Stored items

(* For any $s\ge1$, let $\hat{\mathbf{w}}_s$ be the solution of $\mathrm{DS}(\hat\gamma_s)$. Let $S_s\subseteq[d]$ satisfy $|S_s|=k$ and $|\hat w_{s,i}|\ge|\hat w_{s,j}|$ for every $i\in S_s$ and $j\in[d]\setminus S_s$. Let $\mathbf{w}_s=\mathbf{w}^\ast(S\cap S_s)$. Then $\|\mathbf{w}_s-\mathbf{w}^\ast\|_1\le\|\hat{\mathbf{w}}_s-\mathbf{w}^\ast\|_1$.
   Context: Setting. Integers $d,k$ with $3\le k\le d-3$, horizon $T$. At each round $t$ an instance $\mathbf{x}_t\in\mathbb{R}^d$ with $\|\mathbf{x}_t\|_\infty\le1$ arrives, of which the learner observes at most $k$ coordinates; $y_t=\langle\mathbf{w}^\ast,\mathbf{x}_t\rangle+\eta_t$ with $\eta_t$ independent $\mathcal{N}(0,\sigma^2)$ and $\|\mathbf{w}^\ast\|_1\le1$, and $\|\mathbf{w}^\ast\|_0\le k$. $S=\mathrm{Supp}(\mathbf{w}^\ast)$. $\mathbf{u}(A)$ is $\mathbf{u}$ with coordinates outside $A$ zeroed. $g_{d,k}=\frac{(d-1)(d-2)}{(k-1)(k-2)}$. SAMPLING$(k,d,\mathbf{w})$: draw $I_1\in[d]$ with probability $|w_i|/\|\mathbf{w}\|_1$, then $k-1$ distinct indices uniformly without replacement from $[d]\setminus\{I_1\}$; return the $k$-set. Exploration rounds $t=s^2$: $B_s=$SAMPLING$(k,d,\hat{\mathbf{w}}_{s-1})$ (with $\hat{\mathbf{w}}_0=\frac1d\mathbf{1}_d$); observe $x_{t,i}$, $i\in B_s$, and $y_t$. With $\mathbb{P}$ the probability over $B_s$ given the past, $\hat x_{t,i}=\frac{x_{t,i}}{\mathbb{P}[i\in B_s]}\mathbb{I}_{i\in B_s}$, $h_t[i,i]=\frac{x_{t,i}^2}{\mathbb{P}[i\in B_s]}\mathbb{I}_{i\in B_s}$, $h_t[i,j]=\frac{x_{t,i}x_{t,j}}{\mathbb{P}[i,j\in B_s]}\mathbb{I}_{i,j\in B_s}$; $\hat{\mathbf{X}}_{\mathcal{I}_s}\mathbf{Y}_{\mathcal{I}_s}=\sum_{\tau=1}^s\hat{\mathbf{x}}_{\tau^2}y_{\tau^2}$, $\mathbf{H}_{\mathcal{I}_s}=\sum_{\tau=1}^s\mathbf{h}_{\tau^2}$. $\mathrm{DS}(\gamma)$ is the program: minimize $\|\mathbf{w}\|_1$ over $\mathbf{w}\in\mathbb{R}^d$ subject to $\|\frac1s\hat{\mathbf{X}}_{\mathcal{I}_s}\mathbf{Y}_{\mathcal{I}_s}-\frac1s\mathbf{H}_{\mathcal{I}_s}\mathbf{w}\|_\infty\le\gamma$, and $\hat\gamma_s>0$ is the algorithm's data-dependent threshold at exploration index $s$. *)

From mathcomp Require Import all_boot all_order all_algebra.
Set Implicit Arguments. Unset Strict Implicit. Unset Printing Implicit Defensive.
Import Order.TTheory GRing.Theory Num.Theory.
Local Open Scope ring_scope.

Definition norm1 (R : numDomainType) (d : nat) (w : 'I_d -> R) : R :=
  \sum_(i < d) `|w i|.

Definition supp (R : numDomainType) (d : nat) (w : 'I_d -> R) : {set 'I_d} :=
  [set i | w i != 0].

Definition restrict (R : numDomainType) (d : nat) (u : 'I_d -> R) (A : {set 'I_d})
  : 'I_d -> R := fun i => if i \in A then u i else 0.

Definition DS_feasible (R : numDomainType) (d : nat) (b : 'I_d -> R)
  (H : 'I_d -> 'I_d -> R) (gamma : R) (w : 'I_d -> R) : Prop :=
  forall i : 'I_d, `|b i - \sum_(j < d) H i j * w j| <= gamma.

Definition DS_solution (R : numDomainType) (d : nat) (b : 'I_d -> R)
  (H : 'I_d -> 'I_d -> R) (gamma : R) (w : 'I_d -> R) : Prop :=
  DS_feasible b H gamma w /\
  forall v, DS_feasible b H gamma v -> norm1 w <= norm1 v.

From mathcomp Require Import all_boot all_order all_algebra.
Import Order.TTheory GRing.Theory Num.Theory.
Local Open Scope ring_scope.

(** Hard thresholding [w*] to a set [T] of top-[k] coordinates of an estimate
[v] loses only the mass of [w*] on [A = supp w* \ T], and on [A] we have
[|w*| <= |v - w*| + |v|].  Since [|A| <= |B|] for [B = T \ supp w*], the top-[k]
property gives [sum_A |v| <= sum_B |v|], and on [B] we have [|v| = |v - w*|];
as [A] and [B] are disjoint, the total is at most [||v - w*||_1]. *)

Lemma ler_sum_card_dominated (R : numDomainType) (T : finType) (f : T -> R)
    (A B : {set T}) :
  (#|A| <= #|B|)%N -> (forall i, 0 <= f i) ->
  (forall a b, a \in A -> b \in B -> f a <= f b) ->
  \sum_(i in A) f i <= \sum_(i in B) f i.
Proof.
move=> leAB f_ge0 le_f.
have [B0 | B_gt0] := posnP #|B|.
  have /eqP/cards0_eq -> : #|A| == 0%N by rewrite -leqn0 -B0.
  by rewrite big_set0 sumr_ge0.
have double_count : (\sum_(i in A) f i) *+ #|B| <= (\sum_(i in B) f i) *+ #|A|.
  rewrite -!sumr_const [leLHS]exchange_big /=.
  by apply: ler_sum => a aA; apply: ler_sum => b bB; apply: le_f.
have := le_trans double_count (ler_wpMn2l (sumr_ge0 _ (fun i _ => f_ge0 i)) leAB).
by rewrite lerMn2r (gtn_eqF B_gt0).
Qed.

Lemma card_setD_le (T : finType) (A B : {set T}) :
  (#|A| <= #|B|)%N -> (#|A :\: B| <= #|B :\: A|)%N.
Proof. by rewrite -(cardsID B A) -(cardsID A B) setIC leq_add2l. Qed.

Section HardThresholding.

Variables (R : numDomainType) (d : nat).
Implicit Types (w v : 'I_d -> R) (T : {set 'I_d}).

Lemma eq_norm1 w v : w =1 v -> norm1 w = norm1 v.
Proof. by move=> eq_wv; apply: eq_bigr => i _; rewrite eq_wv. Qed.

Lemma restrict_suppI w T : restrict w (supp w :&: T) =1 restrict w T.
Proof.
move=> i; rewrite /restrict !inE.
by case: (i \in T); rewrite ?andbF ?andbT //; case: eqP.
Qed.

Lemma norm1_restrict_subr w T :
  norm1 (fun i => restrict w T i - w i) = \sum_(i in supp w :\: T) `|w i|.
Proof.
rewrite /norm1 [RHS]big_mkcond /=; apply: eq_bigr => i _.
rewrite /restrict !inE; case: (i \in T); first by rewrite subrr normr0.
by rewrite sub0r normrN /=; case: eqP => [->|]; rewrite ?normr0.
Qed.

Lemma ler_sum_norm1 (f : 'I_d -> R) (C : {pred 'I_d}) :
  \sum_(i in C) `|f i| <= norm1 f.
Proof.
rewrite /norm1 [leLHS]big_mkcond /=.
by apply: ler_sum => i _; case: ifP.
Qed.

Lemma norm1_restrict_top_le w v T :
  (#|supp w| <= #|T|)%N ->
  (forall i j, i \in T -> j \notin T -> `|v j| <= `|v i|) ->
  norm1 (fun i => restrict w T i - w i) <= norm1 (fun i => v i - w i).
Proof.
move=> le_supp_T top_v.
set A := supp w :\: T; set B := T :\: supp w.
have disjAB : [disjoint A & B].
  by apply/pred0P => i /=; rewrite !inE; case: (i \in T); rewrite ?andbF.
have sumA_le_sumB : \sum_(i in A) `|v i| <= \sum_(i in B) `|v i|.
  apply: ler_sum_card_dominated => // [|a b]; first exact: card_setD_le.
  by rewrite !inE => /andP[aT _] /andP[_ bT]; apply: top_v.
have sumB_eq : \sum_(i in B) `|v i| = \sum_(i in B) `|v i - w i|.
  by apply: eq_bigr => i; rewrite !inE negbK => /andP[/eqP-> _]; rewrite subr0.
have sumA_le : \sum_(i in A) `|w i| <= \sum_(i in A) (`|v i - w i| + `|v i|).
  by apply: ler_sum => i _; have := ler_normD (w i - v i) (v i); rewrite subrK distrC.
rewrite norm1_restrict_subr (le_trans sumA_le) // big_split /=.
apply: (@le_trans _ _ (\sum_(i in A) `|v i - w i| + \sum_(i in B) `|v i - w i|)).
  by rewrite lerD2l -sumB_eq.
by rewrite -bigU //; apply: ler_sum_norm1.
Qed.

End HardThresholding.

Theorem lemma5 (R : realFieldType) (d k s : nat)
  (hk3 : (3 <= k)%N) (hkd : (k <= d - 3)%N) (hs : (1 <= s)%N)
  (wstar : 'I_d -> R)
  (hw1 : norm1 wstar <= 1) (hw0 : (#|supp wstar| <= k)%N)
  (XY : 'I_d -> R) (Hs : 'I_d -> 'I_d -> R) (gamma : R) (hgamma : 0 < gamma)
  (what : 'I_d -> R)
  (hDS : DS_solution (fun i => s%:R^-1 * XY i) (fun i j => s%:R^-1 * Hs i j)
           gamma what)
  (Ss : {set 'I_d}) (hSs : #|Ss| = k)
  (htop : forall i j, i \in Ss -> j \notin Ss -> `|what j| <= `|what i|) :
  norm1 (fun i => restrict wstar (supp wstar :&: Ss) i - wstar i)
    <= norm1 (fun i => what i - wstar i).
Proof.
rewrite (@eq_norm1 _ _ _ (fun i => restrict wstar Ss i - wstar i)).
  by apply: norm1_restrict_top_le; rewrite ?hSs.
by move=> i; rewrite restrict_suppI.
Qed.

_ABOUT THIS TASK_.
Each line above that contains "Definition" counts once; report the total of such lines and nothing more.

_RESULT FOR THIS EXERCISE_.
5